How do the lines below between the ones holding "move=> [f [[g" and "(opT y2) x2).", inclusive, read? Give them again exactly, with no other lines.

EXTRACTED RECORDS
:::

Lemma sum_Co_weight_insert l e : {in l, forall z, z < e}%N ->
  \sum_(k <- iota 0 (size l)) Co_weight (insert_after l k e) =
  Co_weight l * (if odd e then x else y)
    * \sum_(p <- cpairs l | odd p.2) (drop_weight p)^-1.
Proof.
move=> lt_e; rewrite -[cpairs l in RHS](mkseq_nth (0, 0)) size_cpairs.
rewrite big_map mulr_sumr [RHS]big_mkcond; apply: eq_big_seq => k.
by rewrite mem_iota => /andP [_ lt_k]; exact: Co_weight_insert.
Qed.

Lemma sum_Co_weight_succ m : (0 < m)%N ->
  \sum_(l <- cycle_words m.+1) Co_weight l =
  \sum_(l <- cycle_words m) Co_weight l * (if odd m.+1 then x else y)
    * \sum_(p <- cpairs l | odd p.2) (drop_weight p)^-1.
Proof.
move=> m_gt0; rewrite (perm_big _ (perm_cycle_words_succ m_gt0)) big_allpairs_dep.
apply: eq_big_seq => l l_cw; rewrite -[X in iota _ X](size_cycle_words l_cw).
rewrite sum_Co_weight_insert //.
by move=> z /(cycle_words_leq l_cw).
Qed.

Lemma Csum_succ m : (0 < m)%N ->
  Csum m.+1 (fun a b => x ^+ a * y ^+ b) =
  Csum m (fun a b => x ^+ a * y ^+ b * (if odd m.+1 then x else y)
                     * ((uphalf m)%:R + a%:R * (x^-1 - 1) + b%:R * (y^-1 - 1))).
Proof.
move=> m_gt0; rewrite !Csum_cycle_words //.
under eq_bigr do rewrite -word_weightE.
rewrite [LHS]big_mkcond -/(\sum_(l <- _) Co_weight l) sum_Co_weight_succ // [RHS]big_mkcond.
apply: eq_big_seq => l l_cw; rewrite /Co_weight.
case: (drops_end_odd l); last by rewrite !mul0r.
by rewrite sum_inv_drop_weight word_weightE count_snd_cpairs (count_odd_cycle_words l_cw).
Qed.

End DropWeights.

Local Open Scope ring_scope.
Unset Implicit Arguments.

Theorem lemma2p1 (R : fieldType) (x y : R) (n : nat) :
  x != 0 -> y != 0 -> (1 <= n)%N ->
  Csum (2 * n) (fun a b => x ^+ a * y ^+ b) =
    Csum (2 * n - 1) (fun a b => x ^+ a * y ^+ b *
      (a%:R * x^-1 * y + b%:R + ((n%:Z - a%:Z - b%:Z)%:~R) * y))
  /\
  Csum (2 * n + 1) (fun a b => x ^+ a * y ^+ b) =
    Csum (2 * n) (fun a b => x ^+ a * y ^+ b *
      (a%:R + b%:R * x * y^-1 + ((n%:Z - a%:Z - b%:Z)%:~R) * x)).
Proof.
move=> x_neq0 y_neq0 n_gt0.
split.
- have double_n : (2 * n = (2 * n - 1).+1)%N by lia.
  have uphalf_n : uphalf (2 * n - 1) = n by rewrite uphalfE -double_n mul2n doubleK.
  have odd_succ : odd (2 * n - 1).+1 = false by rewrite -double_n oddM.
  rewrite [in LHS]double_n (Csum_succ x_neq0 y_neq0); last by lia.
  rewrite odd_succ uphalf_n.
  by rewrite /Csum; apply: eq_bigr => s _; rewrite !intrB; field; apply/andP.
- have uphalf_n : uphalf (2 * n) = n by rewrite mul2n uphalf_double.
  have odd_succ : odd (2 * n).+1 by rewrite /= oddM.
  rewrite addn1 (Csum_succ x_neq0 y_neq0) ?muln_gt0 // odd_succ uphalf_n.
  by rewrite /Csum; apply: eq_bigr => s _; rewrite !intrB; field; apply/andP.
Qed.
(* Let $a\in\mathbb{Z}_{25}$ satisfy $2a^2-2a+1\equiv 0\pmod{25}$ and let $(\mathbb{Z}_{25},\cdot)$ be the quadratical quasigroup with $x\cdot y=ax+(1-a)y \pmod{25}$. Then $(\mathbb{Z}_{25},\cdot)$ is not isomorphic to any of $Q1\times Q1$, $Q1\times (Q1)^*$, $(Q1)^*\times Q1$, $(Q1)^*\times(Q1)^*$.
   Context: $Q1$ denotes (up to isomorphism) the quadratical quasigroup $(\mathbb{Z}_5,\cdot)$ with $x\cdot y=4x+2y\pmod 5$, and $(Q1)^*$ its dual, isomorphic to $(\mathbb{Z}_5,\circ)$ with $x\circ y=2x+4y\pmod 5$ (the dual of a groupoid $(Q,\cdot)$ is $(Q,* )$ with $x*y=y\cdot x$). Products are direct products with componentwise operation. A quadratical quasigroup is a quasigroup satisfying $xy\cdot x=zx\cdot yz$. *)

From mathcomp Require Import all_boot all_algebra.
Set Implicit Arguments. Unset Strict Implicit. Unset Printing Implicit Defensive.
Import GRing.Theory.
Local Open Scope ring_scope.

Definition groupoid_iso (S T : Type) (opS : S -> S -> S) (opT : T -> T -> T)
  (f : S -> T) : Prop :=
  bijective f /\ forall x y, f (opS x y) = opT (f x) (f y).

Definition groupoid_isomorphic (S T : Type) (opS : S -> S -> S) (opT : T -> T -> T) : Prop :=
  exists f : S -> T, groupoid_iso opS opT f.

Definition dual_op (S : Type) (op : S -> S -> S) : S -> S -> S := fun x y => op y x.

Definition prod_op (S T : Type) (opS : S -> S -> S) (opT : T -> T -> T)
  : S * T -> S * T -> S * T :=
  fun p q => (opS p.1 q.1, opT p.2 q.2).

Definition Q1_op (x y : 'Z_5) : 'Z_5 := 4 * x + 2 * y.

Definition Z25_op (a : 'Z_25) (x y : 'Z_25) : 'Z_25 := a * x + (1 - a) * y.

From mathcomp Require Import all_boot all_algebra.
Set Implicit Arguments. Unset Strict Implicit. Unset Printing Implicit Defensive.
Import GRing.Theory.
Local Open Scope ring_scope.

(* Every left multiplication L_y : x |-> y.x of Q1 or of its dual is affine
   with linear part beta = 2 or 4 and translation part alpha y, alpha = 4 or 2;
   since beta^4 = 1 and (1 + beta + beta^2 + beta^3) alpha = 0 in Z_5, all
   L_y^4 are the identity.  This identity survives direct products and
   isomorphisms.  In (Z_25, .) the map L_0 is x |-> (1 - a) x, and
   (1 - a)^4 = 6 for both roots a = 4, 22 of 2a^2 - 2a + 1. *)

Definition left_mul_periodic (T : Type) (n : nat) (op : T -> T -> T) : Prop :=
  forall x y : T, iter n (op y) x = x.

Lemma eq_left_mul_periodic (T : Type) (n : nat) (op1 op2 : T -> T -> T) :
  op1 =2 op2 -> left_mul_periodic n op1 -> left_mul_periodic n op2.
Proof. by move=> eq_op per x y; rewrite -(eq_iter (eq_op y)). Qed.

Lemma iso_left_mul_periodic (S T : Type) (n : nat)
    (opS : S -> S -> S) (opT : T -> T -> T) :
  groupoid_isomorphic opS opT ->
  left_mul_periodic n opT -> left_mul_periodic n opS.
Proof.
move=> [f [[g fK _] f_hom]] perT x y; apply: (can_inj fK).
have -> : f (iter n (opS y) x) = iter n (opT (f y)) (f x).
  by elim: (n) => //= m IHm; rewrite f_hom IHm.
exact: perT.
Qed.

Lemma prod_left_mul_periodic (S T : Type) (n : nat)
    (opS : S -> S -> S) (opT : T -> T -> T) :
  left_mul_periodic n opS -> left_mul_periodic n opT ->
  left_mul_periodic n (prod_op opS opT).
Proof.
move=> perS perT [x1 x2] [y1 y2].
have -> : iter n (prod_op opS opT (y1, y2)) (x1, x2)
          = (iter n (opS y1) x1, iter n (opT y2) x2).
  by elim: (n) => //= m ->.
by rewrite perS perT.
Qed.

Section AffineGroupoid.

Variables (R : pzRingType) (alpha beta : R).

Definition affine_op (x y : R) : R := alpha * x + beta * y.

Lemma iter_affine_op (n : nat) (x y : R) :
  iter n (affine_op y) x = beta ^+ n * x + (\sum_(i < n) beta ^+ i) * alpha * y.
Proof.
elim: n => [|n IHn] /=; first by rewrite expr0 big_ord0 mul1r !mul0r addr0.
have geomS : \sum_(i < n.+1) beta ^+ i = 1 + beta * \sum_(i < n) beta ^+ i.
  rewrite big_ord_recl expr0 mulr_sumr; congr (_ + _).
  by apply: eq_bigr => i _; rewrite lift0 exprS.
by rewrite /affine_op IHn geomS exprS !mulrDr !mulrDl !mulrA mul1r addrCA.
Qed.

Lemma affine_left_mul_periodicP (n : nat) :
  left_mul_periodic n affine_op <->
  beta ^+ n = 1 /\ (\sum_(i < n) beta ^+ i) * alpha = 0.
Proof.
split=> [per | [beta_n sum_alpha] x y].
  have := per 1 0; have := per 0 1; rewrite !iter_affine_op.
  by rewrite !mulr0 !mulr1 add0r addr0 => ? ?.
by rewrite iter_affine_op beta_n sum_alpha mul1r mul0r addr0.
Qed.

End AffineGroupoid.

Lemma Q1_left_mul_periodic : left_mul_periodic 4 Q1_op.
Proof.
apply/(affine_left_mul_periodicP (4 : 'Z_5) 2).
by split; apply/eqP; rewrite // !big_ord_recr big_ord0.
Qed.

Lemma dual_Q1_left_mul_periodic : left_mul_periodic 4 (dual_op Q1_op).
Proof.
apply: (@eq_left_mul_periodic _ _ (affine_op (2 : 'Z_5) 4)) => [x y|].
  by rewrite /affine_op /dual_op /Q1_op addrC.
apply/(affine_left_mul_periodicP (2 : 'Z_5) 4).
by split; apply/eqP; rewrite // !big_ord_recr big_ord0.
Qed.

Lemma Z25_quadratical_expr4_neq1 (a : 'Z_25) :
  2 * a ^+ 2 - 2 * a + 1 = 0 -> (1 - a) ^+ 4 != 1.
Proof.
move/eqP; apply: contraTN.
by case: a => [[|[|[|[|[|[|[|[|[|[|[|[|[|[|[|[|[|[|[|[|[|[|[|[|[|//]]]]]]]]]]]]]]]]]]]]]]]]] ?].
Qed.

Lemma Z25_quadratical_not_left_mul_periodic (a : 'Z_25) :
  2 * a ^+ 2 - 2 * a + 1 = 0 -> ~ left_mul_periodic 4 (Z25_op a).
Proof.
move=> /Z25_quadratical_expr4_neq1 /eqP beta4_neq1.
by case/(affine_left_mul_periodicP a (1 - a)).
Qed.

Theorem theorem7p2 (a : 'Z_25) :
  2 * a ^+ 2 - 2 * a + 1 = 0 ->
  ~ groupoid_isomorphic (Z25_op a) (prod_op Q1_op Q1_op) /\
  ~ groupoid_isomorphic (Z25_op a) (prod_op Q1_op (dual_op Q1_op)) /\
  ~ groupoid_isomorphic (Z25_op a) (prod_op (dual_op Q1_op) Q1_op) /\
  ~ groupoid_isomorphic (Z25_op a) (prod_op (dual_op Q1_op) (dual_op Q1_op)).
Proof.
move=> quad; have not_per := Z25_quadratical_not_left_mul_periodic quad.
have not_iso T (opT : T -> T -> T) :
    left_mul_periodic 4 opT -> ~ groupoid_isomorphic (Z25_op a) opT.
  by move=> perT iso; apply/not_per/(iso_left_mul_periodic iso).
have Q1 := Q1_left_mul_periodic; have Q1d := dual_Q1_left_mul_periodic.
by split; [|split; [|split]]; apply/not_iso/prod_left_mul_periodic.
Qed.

:::

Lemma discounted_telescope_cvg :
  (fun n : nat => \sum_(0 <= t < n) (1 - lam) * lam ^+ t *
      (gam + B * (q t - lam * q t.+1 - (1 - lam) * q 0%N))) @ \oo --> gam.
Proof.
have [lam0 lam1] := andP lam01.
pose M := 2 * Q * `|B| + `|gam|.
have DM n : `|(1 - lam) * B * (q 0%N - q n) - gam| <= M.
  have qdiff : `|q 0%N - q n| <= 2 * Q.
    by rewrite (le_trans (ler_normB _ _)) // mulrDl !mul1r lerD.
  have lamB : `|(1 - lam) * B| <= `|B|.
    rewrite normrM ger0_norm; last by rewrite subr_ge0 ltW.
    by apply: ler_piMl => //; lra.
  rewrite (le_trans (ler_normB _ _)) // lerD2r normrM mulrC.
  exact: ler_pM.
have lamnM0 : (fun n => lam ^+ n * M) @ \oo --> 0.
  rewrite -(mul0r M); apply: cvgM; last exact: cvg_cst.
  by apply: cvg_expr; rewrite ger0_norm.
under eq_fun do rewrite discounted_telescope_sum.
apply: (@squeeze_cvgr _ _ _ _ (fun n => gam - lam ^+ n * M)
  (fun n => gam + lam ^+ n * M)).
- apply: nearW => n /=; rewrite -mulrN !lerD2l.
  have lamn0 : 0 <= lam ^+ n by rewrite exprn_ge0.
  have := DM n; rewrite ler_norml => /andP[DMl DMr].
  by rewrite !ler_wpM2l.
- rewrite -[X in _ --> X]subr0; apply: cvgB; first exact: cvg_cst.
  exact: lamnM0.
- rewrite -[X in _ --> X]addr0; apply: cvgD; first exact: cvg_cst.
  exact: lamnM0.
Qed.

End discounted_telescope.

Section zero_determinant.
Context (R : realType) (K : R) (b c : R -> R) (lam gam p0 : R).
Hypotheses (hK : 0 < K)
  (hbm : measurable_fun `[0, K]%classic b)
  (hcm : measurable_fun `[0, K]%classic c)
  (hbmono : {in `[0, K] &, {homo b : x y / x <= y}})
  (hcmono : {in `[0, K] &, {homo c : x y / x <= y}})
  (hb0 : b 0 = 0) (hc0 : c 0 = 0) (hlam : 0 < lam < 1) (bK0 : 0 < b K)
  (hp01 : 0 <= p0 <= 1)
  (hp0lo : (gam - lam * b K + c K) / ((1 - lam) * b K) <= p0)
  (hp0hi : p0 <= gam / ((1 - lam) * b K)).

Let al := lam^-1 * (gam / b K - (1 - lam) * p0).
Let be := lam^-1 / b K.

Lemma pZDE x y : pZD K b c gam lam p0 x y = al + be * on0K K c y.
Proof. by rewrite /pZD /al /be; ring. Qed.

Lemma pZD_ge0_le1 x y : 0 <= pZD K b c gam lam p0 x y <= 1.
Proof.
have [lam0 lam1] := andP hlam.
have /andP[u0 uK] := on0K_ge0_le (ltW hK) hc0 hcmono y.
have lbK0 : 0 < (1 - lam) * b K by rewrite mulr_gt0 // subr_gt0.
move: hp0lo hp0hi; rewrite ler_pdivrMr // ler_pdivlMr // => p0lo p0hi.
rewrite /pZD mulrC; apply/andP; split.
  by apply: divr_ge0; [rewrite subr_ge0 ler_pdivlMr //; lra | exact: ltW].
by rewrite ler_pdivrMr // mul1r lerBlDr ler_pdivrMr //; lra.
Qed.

:::

OUTPUT FOR THIS EXERCISE
move=> [f [[g fK _] f_hom]] perT x y; apply: (can_inj fK).
have -> : f (iter n (opS y) x) = iter n (opT (f y)) (f x).
  by elim: (n) => //= m IHm; rewrite f_hom IHm.
exact: perT.
Qed.

Lemma prod_left_mul_periodic (S T : Type) (n : nat)
    (opS : S -> S -> S) (opT : T -> T -> T) :
  left_mul_periodic n opS -> left_mul_periodic n opT ->
  left_mul_periodic n (prod_op opS opT).
Proof.
move=> perS perT [x1 x2] [y1 y2].
have -> : iter n (prod_op opS opT (y1, y2)) (x1, x2)
          = (iter n (opS y1) x1, iter n (opT y2) x2).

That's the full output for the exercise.